Coop any son or daughter of our mighty mother within narrow range, and bind the prisoner to one idea, and foster it by servile worship of it on the part of the few timid or designing people standing round, and what is Nature to the willing captive who has never risen up upon the wings of a free mind - drooping and useless soon - to see her in her comprehensive truth!

(D&S ch47 p737)

Business, for Dombey, is not a rational pursuit of self-interest, but the acting out of an obsession, of his compulsion to 'be Dombey and Son', to fit himself to his 'one idea'.

His thoughts, on the birth of his long-awaited son, turn to his own father - not unnaturally, but there is something odd about the way he expresses it:

'... I wish his grandfather were alive this day! There is some inconvenience in the necessity of writing Junior,' said Mr Dombey, making a fictitious autograph on his knee; 'but it is merely of a private and personal complexion. It doesn't enter into the correspondence of the House. Its signature remains the same.' And again he said 'Dombey and Son,' in exactly the same tone as before.

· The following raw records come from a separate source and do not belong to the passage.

(* Let $(\mathcal{A}_\Lambda,\partial_\Lambda)$ be a filtered Chekanov–Eliashberg DGA over $\mathbb{Z}_2$ generated by $q_1,\dots,q_n$, let $k$ be a positive integer, and let $(S_k\mathcal{A}_\Lambda,\partial_\Lambda)$ be its grading-$k$ stabilization, with additional generators $e_k,e_{k-1}$. Let $\delta>0$. If the height filtration of $\mathcal{A}_\Lambda$ is extended to $S_k\mathcal{A}_\Lambda$ in such a way that $0<h(e_k)-h(e_{k-1})<2\delta$, then the persistent linearized contact homologies of $(\mathcal{A}_\Lambda,\partial_\Lambda)$ and $(S_k\mathcal{A}_\Lambda,\partial_\Lambda)$ (with respect to an augmentation $\epsilon$ of $\mathcal{A}_\Lambda$ and its extension to $S_k\mathcal{A}_\Lambda$ by $\epsilon(e_k)=\epsilon(e_{k-1})=0$) are $2\delta$-interleaved.
   Context: A filtered Chekanov–Eliashberg DGA: a Chekanov–Eliashberg DGA (free noncommutative graded algebra over $\mathbb{Z}_2$ on generators, with differential) together with heights $h(q_i)>0$, extended by $h(\text{word})=$ sum of letter heights and $h(\text{sum})=$ max, such that the differential strictly decreases height. The grading-$k$ stabilization $S_k\mathcal{A}_\Lambda$ is generated by $e_k,e_{k-1},q_1,\dots,q_n$ with $|e_k|=k$, $|e_{k-1}|=k-1$, other gradings unchanged, and differential $\partial(e_k)=e_{k-1}$, $\partial(e_{k-1})=0$, agreeing with $\partial_\Lambda$ on the $q_i$. The persistent linearized contact homology is $t\mapsto H_\ast(A^t,\partial_1^\epsilon)$, where $\partial_1^\epsilon$ is the linearized differential with respect to the augmentation $\epsilon$ on the vector space spanned by the generators and $A^t$ is spanned by generators of height $\le t$, with transfer maps induced by inclusion. Persistence modules $U^\bullet,V^\bullet$ are $2\delta$-interleaved if there are maps $\varphi^t:U^t\to V^{t+\delta}$, $\psi^t:V^t\to U^{t+\delta}$ commuting with transfer maps with $\psi^{t+\delta}\varphi^t$ and $\varphi^{t+\delta}\psi^t$ equal to the transfer maps from $t$ to $t+2\delta$. *)

From Stdlib Require Import Reals.
From mathcomp Require Import all_boot all_order all_algebra.
Set Implicit Arguments.
Unset Strict Implicit.
Unset Printing Implicit Defensive.
Import GRing.Theory.
Local Open Scope ring_scope.

(* Free noncommutative algebra over Z_2 on a finite set G of generators.     *)
(* A word is a [seq G]; an algebra element is represented by a [seq (seq G)] *)
(* read as a formal sum of words over Z_2: the coefficient of a word [w] is  *)
(* the parity of its number of occurrences.                                  *)

Definition coef (G : eqType) (p : seq (seq G)) (w : seq G) : bool :=
  odd (count_mem w p).

Record dga (G : finType) := DGA {
  deg : G -> int;
  dif : G -> seq (seq G)
}.

Section DGADefs.
Variables (G : finType) (A : dga G).

Definition deg_word (w : seq G) : int := \sum_(x <- w) deg A x.

(* Leibniz rule over Z_2 (no signs):
   d(x1...xm) = sum_j x1..x_{j-1} (d x_j) x_{j+1}..xm *)
Fixpoint dif_word (w : seq G) : seq (seq G) :=
  match w with
  | [::] => [::]
  | x :: w' => [seq u ++ w' | u <- dif A x] ++ [seq x :: u | u <- dif_word w']
  end.

Definition dif_poly (p : seq (seq G)) : seq (seq G) := flatten (map dif_word p).

Definition is_dga : Prop :=
  (forall q w, coef (dif A q) w -> deg_word w = deg A q - 1) /\
  (forall q w, ~~ coef (dif_poly (dif A q)) w).

(* Augmentation eps : A -> Z_2 (graded DGA map, d-closed): eps(q) = 1 only for
   degree-0 generators, eps is multiplicative, eps o d = 0. *)
Definition eps_word (eps : G -> bool) (w : seq G) : bool := all eps w.

Definition is_augmentation (eps : G -> bool) : Prop :=
  (forall q, eps q -> deg A q = 0) /\
  (forall q, ~~ odd (count (eps_word eps) (dif A q))).

(* Heights: h(q) > 0, h(word) = sum of letter heights, h(sum) = max over
   words with nonzero coefficient; the differential strictly decreases h. *)
Definition height_word (h : G -> R) (w : seq G) : R :=
  foldr Rplus R0 (map h w).

Definition is_filtered (h : G -> R) : Prop :=
  (forall q, Rlt R0 (h q)) /\
  (forall q w, coef (dif A q) w -> Rlt (height_word h w) (h q)).

Definition filtered_CE_dga (h : G -> R) : Prop := is_dga /\ is_filtered h.

(* Linearized differential with respect to eps: conjugate by the DGA
   automorphism phi_eps(q) = q + eps(q) and keep the word-length-one part. *)
Fixpoint phi_word (eps : G -> bool) (w : seq G) : seq (seq G) :=
  match w with
  | [::] => [:: [::]]
  | x :: w' => [seq x :: u | u <- phi_word eps w'] ++
               (if eps x then phi_word eps w' else [::])
  end.

Definition lin_dif_gen (eps : G -> bool) (q : G) : {ffun G -> 'F_2} :=
  [ffun g => (count_mem [:: g] (flatten (map (phi_word eps) (dif A q))))%:R].

Definition lin_dif (eps : G -> bool) (v : {ffun G -> 'F_2}) : {ffun G -> 'F_2} :=
  [ffun g => \sum_(q : G) v q * lin_dif_gen eps q g].

End DGADefs.

(* Filtered chain complexes (V = span of generators, d) and the persistence *)
(* module t |-> H_*(A^t, d), A^t = span of generators of height <= t.       *)
Section Persistence.
Variables (G : finType) (h : G -> R) (d : {ffun G -> 'F_2} -> {ffun G -> 'F_2}).

Definition in_filt (t : R) (v : {ffun G -> 'F_2}) : Prop :=
  forall g, v g != 0 -> Rle (h g) t.

Definition cycle_at (t : R) (v : {ffun G -> 'F_2}) : Prop :=
  in_filt t v /\ d v = 0.

Definition boundary_at (t : R) (v : {ffun G -> 'F_2}) : Prop :=
  exists u, in_filt t u /\ d u = v.

End Persistence.

(* A family of maps phi^t : H(U^t) -> H(V^{t+delta}) of the persistence
   modules of homologies, represented (as maps out of quotients always are)
   by functions on chains: phi t sends cycles of U^t to cycles of V^{t+delta},
   is additive modulo boundaries, sends boundaries to boundaries (so it
   induces a well-defined Z_2-linear map on homology), and commutes with the
   transfer maps (induced by inclusions) on homology. *)
Definition pmod_shift_map (G1 G2 : finType)
  (h1 : G1 -> R) (d1 : {ffun G1 -> 'F_2} -> {ffun G1 -> 'F_2})
  (h2 : G2 -> R) (d2 : {ffun G2 -> 'F_2} -> {ffun G2 -> 'F_2})
  (delta : R) (phi : R -> {ffun G1 -> 'F_2} -> {ffun G2 -> 'F_2}) : Prop :=
  (forall t z, cycle_at h1 d1 t z -> cycle_at h2 d2 (Rplus t delta) (phi t z)) /\
  (forall t z1 z2, cycle_at h1 d1 t z1 -> cycle_at h1 d1 t z2 ->
     boundary_at h2 d2 (Rplus t delta) (phi t (z1 + z2) - (phi t z1 + phi t z2))) /\
  (forall t b, boundary_at h1 d1 t b -> boundary_at h2 d2 (Rplus t delta) (phi t b)) /\
  (forall s t z, Rle s t -> cycle_at h1 d1 s z ->
     boundary_at h2 d2 (Rplus t delta) (phi t z - phi s z)).

Definition interleaved2 (G1 G2 : finType)
  (h1 : G1 -> R) (d1 : {ffun G1 -> 'F_2} -> {ffun G1 -> 'F_2})
  (h2 : G2 -> R) (d2 : {ffun G2 -> 'F_2} -> {ffun G2 -> 'F_2})
  (delta : R) : Prop :=
  exists (phi : R -> {ffun G1 -> 'F_2} -> {ffun G2 -> 'F_2})
         (psi : R -> {ffun G2 -> 'F_2} -> {ffun G1 -> 'F_2}),
    pmod_shift_map h1 d1 h2 d2 delta phi /\
    pmod_shift_map h2 d2 h1 d1 delta psi /\
    (forall t z, cycle_at h1 d1 t z ->
       boundary_at h1 d1 (Rplus t (Rplus delta delta)) (psi (Rplus t delta) (phi t z) - z)) /\
    (forall t z, cycle_at h2 d2 t z ->
       boundary_at h2 d2 (Rplus t (Rplus delta delta)) (phi (Rplus t delta) (psi t z) - z)).

(* Grading-k stabilization: generators G + bool, with inr true = e_k and    *)
(* inr false = e_{k-1}.                                                     *)
Definition stab (G : finType) (A : dga G) (k : int) : dga (G + bool)%type :=
  DGA (fun x => match x with
                | inl g => deg A g
                | inr true => k
                | inr false => k - 1
                end)
      (fun x => match x with
                | inl g => map (map inl) (dif A g)
                | inr true => [:: [:: inr false]]
                | inr false => [::]
                end).

Definition stab_height (G : finType) (h : G -> R) (hek hek1 : R) : G + bool -> R :=
  fun x => match x with inl g => h g | inr true => hek | inr false => hek1 end.

Definition stab_eps (G : finType) (eps : G -> bool) : G + bool -> bool :=
  fun x => match x with inl g => eps g | inr _ => false end.

From Stdlib Require Import Reals Lra.
From mathcomp Require Import all_boot all_order all_algebra.
Set Implicit Arguments.
Unset Strict Implicit.
Unset Printing Implicit Defensive.
Import GRing.Theory.
Local Open Scope ring_scope.

(* The linearized complex of the stabilization is the original complex plus the
   acyclic two-term complex [e_k -> e_{k-1}]. Inclusion and projection are
   filtration-preserving chain maps, projection after inclusion is the identity,
   and inclusion after projection is chain homotopic to the identity through
   [e_{k-1} |-> e_k], which raises the height by h(e_k) - h(e_{k-1}) < 2 delta.
   A filtered homotopy equivalence whose homotopies raise heights by at most
   2 delta induces a 2 delta-interleaving of the persistent homologies. *)

Section FilteredComplex.
Variables (G : finType) (h : G -> R) (d : {ffun G -> 'F_2} -> {ffun G -> 'F_2}).

Lemma in_filt_le s t v : Rle s t -> in_filt h s v -> in_filt h t v.
Proof. by move=> le_st hv g /hv; lra. Qed.

Lemma in_filt0 t : in_filt h t 0.
Proof. by move=> g; rewrite ffunE eqxx. Qed.

Hypothesis d0 : d 0 = 0.

Lemma boundary_at0 t : boundary_at h d t 0.
Proof. by exists 0; split; [exact: in_filt0 | exact: d0]. Qed.

Lemma chain_homotopy_boundary (p H : {ffun G -> 'F_2} -> {ffun G -> 'F_2}) s t z :
  H 0 = 0 ->
  (forall t v, in_filt h t v -> in_filt h (Rplus t s) (H v)) ->
  (forall v, p v - v = d (H v) + H (d v)) ->
  cycle_at h d t z -> boundary_at h d (Rplus t s) (p z - z).
Proof.
move=> H0 H_filt pH [zt dz0]; exists (H z); split; first exact: H_filt.
by rewrite pH dz0 H0 addr0.
Qed.

End FilteredComplex.
(* The event that the deck is a permutation of the multiset is measurable,
   as a finite union of level sets of the deck sequence. *)
Lemma measurable_deck_perm (m n : nat) {deck : nat -> T -> nat} :
  (forall t v, measurable [set w | deck t w = v]) ->
  measurable [set w | perm_eq (deckseq m n deck w) (base m n)].
Proof.
move=> mdeck; set ps := permutations (base m n).
suff -> : [set w | perm_eq (deckseq m n deck w) (base m n)]
        = \bigcup_(i in [set i | (i < size ps)%N])
            [set w | deckseq m n deck w = nth [::] ps i].
  by apply: bigcup_measurable => i _; exact: measurable_pre_eq.
apply/seteqP; split => w.
  move=> pw; have : deckseq m n deck w \in ps by rewrite mem_permutations.
  by case/(nthP [::]) => i ips Ei; exists i.
move=> [i ips Ei]; have : deckseq m n deck w \in ps by rewrite Ei mem_nth.
by rewrite mem_permutations.
Qed.

Lemma ae_prob1 {R : realType} (P : probability T R) {S : set T} :
  measurable S -> P S = 1%E -> {ae P, forall w, S w}.
Proof.
move=> mS PS; exists (~` S); split => //; first exact: measurableC.
by rewrite probability_setC // PS subee.
Qed.

End Measurability.

Lemma near_forall_range {T : Type} {F : set_system T} {FF : Filter F}
  {N : nat} {Q : nat -> T -> Prop} :
  (forall t, (1 <= t <= N)%N -> \forall w \near F, Q t w) ->
  \forall w \near F, forall t, (1 <= t <= N)%N -> Q t w.
Proof.
move=> HQ.
have HQ_ord : \forall w \near F, forall i : 'I_N.+1, (1 <= i <= N)%N -> Q i w.
  apply: filter_forall => i; case: (boolP (1 <= i <= N)%N) => iN.
    by apply: filterS (HQ i iN) => w Qw _.
  exact: nearW.
apply: filterS HQ_ord => w Hw t tN.
have tN1 : (t < N.+1)%N by lia.
exact: (Hw (Ordinal tN1) tN).
Qed.

Theorem lemma2p6 (R : realType) (d : measure_display) (T : measurableType d)
  (P : probability T R)
  (d' : measure_display) (Rnd : measurableType d')
  (m n : nat)
  (deck g : nat -> T -> nat) (y z : nat -> T -> bool)
  (rnd : T -> Rnd) (strat : nat -> seq bool -> Rnd -> nat) :
  (0 < m)%N -> (0 < n)%N ->
  1200 * Num.sqrt (m%:R : R) <= n%:R ->
  (* the deck (card labels deck 1, ..., deck (mn)) is uniformly shuffled *)
  (forall t v, measurable [set w | deck t w = v]) ->
  P [set w | perm_eq (deckseq m n deck w) (base m n)] = 1%E ->
  (forall s1 s2, perm_eq s1 (base m n) -> perm_eq s2 (base m n) ->
     P [set w | deckseq m n deck w = s1] = P [set w | deckseq m n deck w = s2]) ->
  (* the guesser's private randomness is independent of the deck *)
  measurable_fun setT rnd ->
  (forall A, measurable A -> forall s,
     P (rnd @^-1` A `&` [set w | deckseq m n deck w = s])
     = (P (rnd @^-1` A) * P [set w | deckseq m n deck w = s])%E) ->
  (* the guessing strategy *)
  (forall t w, (1 <= t <= m * n)%N ->
     g t w = strat t (pre (fun i => y i w) t.-1) (rnd w)) ->
  (forall t w, (1 <= t <= m * n)%N -> (1 <= g t w <= n)%N) ->
  (forall t v, measurable [set w | g t w = v]) ->
  (forall t w, y t w = (deck t w == g t w)) ->
  (* the known bound on E(y_t | g_{<=t}, y_{<=t-1}) *)
  (forall t, (1 <= t <= m * n)%N ->
     {ae P, forall w,
       (cnt (fun i => g i w) (g t w) t < m * n - sumb (fun i => y i w) t)%N ->
       condE_past P g y t w
       <= ((m%:R - (cntb (fun i => g i w) (fun i => y i w) (g t w) t)%:R)
           / ((m * n)%:R - (cnt (fun i => g i w) (g t w) t)%:R
              - (sumb (fun i => y i w) t)%:R))}) ->
  (* the random vector z *)
  (forall t v, measurable [set w | z t w = v]) ->
  (* (a) *)
  {ae P, forall w, forall k t, (1 <= k <= n)%N -> (1 <= t <= m * n + 1)%N ->
     (m - (m * n - cnt (fun i => g i w) k t - Ybd R m n)
        <= cntb (fun i => g i w) (fun i => z i w) k t <= m)%N} ->
  (* (b) *)
  (forall t, (1 <= t <= m * n)%N -> forall w0,
     let Wt := atom (fun w => (pre (fun i => g i w) t, pre (fun i => y i w) t)) w0 in
     (0 < P Wt)%E ->
     forall (e : seq bool) (gy : seq nat * seq bool), size e = t ->
       condP P ([set w | pre (fun i => z i w) t = e]
                `&` [set w | (pre (fun i => g i w) (m * n),
                              pre (fun i => y i w) (m * n)) = gy]) Wt
       = (\prod_(i < t) condP P [set w | z i.+1 w = nth false e i] Wt)
         * condP P [set w | (pre (fun i => g i w) (m * n),
                             pre (fun i => y i w) (m * n)) = gy] Wt) ->
  (* (c) *)
  (forall t, (1 <= t <= m * n)%N ->
     {ae P, forall w,
       (cnt (fun i => g i w) (g t w) t < m * n - Ybd R m n)%N ->
       condE_past P g z t w
       = (m%:R - (cntb (fun i => g i w) (fun i => z i w) (g t w) t)%:R)
         / ((m * n)%:R - (cnt (fun i => g i w) (g t w) t)%:R - (Ybd R m n)%:R)}) ->
  (* (d) *)
  (forall t, (1 <= t <= m * n)%N ->
     {ae P, forall w,
       condE_past P g y t w <= condE_past P g z t w -> (y t w <= z t w)%N}) ->
  (* conclusion *)
  forall k t, (1 <= k <= n)%N -> (1 <= t <= m * n + 1)%N ->
    {ae P, forall w,
      (cntb (fun i => g i w) (fun i => y i w) k t
         <= cntb (fun i => g i w) (fun i => z i w) k t)%N
      \/ (Ybd R m n < sumb (fun i => y i w) (m * n + 1))%N}.
Proof.
move=> _ _ _ mdeck deck_perm1 _ _ _ _ _ _ yE Ey_bound _ z_range _ Ez_value coupling.
move=> k t kn tr.
have deck_perm := ae_prob1 P (measurable_deck_perm m n mdeck) deck_perm1.
(* [pose proof]/[refine] let typeclass resolution supply the a.e. filter *)
pose proof (filterI deck_perm (filterI z_range (filterI (near_forall_range Ey_bound)
  (filterI (near_forall_range Ez_value) (near_forall_range coupling))))) as all_ae.
refine (filterS _ all_ae).
move=> w [pe [z_range_w [Ey_bound_w [Ez_value_w coupling_w]]]].
case: (leqP (sumb (fun i => y i w) (m * n + 1)) (Ybd R m n)) => few; last by right.
left; apply: (@domination R m n (Ybd R m n) k (fun i => g i w) (fun i => y i w)
  (fun i => z i w) (fun t => condE_past P g y t w) (fun t => condE_past P g z t w)).
- by move=> t' t'r; apply: z_range_w.
- move=> t' /andP[_ t'r].
  by apply: (@hits_le_copies m n k (fun i => deck i w)) t'r => // i; apply: yE.
- exact: Ey_bound_w.
- exact: Ez_value_w.
- exact: coupling_w.
- exact: few.
- by case/andP: tr.
Qed.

What is behind this grotesque association of ideas? It shows Dombey's preoccupation with the forms of business practice, and it shows that he has a curious grasp of the details of his fantasy.15 Perhaps the suggestion is that Dombey, for so long unable to produce a son, has felt a nagging inadequacy in comparison with his father. My idea of him is of a man playing at being his own father. (Dombey's characteristic position is standing in front of the fire. We are told that Carker has copied it from his chief - and we might ask, whom did Dombey himself copy it from, if not from his father.) There is no clear justification for this idea in the text, but at least we can say that his whole reaction to the birth of his son, with his extraordinary indifference to the suffering and death of his wife, is the reaction not just of an arrogant and callous man, but of a mentally unbalanced man.